**Requirement**
Among the lines below, keep only those from the one containing "q-periodic in j" through the one containing "reflection n -> -n. *)", and reproduce them exactly.

**Data for processing**
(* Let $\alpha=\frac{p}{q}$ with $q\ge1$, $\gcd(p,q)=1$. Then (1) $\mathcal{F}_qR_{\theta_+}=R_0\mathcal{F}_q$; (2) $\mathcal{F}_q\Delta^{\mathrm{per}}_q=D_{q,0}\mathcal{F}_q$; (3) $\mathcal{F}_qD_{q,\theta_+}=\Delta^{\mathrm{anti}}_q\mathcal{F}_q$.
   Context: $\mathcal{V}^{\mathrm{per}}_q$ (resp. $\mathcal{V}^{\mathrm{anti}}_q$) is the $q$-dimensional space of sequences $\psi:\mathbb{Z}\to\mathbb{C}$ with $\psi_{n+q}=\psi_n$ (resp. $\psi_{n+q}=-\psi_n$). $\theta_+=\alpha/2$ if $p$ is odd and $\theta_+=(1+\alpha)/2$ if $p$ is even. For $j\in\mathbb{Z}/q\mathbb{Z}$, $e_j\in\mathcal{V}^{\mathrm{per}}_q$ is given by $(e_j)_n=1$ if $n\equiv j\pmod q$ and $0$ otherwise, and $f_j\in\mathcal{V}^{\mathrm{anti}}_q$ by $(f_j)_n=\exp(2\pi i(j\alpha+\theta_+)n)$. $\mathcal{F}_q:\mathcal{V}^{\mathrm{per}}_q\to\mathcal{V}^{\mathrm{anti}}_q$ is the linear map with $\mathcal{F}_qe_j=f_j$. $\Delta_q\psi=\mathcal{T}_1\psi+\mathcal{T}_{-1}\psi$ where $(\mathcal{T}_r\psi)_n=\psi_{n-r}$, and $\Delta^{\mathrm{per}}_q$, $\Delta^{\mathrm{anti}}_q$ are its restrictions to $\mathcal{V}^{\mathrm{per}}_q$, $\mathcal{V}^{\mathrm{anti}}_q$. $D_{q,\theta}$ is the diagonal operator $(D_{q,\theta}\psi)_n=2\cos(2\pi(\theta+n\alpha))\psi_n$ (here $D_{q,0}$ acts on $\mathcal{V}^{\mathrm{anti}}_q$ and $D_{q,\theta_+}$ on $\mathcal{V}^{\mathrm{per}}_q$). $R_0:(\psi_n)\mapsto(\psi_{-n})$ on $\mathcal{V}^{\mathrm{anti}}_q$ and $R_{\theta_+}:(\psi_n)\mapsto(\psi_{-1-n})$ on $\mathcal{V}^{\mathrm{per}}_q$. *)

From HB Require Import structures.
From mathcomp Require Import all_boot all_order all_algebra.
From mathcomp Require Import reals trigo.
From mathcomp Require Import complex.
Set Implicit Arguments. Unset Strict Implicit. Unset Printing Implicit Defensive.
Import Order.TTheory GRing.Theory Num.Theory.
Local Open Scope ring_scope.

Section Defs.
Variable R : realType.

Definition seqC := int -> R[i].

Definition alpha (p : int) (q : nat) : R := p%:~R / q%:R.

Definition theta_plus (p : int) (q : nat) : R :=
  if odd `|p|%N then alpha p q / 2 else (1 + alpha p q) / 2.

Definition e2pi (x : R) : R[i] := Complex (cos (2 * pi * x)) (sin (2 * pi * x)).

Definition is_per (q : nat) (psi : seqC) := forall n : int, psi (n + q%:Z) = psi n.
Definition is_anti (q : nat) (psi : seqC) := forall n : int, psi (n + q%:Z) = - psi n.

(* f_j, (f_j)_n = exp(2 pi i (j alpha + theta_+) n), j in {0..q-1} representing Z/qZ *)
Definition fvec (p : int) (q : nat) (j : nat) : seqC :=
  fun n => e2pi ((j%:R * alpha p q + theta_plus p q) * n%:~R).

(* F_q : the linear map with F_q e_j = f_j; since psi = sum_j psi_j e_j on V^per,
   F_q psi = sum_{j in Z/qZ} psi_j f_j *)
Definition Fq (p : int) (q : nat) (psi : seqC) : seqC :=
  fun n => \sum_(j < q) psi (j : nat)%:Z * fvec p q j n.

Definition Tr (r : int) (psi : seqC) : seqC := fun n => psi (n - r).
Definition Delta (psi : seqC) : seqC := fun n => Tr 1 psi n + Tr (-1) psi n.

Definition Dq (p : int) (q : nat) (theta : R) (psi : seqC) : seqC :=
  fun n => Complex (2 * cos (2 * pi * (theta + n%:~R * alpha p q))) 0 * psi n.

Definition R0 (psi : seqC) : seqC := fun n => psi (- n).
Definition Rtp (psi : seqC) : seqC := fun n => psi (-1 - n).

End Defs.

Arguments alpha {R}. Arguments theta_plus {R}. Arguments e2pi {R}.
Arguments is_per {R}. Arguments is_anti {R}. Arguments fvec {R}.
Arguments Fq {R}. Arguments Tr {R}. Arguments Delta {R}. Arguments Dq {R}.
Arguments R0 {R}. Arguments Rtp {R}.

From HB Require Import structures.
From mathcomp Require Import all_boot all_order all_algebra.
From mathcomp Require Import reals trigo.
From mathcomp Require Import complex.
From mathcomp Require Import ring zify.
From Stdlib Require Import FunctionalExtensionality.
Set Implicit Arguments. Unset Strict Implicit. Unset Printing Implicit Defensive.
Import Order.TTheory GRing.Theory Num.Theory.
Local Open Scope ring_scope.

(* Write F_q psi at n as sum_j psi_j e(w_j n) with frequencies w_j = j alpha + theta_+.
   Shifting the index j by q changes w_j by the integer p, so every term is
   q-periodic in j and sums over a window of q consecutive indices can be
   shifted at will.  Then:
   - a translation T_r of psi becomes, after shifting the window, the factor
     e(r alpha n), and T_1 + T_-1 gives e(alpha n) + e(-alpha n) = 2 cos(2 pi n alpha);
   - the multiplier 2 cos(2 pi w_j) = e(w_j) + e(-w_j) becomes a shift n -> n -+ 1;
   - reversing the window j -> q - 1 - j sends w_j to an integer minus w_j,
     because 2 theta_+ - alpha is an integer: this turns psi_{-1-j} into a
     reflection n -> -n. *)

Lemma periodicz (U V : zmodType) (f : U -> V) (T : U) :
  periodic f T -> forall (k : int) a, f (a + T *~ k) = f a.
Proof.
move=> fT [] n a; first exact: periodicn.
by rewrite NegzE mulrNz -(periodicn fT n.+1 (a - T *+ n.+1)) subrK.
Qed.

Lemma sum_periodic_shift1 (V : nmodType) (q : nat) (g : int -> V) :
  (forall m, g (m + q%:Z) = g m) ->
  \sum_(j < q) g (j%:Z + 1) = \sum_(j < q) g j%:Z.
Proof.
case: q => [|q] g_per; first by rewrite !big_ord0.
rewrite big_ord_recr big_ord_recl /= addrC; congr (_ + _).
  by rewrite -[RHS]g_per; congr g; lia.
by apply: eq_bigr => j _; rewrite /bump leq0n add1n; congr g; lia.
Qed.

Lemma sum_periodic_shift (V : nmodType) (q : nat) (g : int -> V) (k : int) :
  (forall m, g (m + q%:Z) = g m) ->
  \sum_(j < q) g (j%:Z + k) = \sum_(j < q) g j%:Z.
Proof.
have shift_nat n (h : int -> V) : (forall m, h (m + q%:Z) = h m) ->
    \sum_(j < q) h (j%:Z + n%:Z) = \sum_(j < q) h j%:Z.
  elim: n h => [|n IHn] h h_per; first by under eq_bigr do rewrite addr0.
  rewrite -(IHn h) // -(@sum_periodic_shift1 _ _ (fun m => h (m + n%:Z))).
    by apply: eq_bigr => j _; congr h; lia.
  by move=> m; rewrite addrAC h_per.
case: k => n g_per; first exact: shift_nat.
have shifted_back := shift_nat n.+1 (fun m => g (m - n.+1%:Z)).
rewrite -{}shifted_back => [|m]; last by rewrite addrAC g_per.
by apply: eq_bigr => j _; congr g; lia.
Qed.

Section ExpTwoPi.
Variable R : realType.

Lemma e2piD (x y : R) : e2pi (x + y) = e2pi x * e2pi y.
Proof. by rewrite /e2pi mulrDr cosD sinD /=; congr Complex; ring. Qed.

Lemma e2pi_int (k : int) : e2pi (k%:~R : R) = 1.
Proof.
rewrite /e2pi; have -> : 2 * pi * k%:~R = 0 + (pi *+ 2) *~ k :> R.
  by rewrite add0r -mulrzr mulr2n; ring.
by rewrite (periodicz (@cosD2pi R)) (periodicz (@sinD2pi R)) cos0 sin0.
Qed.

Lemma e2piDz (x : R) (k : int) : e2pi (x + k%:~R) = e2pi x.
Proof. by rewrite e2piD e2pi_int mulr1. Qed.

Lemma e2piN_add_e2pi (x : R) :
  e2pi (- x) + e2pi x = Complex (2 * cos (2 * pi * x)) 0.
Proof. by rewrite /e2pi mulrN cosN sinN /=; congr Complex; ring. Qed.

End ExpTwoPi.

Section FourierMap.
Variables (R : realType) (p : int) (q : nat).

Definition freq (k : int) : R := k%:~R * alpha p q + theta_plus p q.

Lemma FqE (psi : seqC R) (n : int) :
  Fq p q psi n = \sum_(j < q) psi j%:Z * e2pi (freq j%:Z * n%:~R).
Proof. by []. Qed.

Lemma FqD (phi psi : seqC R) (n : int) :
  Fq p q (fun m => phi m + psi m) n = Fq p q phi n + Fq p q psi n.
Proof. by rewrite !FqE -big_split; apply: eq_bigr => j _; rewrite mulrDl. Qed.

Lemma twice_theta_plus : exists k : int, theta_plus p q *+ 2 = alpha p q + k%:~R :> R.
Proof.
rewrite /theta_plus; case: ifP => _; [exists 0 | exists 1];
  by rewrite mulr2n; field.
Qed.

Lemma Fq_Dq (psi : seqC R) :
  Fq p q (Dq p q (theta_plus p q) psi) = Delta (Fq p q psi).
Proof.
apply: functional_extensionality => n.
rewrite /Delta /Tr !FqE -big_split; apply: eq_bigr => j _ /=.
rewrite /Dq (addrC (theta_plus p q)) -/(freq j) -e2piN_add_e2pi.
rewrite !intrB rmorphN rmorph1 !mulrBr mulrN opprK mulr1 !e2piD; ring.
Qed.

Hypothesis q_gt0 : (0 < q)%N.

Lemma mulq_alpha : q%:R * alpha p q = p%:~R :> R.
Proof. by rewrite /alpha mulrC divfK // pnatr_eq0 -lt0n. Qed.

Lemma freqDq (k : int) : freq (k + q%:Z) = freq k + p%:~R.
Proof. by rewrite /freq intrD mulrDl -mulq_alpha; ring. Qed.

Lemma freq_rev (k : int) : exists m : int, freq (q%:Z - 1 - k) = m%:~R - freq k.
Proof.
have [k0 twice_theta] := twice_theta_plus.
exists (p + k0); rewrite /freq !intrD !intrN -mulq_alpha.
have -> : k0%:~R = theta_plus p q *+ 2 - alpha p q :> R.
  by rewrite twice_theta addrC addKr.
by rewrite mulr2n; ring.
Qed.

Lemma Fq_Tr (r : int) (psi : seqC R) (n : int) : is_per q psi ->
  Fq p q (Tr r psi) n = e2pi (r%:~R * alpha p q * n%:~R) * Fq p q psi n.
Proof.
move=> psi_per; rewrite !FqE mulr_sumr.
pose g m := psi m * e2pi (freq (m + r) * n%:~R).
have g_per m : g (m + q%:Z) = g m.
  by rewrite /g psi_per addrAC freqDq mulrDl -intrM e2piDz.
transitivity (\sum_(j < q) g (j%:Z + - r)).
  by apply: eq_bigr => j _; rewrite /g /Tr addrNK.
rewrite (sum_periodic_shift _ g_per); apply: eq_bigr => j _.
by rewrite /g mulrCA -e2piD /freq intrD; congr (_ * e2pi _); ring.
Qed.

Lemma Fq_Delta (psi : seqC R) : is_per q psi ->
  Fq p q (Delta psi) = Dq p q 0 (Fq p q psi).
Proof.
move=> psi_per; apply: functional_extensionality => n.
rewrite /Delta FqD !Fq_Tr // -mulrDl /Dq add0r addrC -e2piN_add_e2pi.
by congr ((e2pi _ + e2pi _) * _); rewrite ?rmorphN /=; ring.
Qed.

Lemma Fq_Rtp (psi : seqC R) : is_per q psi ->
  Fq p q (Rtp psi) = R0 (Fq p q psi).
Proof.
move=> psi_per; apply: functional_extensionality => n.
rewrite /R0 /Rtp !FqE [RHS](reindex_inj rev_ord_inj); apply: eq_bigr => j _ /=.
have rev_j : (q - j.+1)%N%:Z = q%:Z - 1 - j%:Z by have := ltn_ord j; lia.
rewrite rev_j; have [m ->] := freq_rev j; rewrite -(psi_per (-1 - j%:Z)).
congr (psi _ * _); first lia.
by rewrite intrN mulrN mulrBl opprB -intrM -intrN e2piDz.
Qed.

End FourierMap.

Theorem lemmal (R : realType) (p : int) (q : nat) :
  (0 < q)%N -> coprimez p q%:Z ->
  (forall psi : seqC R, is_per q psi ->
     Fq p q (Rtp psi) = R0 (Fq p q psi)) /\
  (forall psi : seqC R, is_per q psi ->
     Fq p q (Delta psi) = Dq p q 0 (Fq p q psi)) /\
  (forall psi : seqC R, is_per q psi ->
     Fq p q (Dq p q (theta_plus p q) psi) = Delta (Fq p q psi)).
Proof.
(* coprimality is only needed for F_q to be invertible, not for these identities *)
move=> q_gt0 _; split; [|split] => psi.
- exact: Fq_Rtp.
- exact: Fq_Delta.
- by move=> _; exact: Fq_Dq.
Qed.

**Answer section**
   q-periodic in j and sums over a window of q consecutive indices can be
   shifted at will.  Then:
   - a translation T_r of psi becomes, after shifting the window, the factor
     e(r alpha n), and T_1 + T_-1 gives e(alpha n) + e(-alpha n) = 2 cos(2 pi n alpha);
   - the multiplier 2 cos(2 pi w_j) = e(w_j) + e(-w_j) becomes a shift n -> n -+ 1;
   - reversing the window j -> q - 1 - j sends w_j to an integer minus w_j,
     because 2 theta_+ - alpha is an integer: this turns psi_{-1-j} into a
     reflection n -> -n. *)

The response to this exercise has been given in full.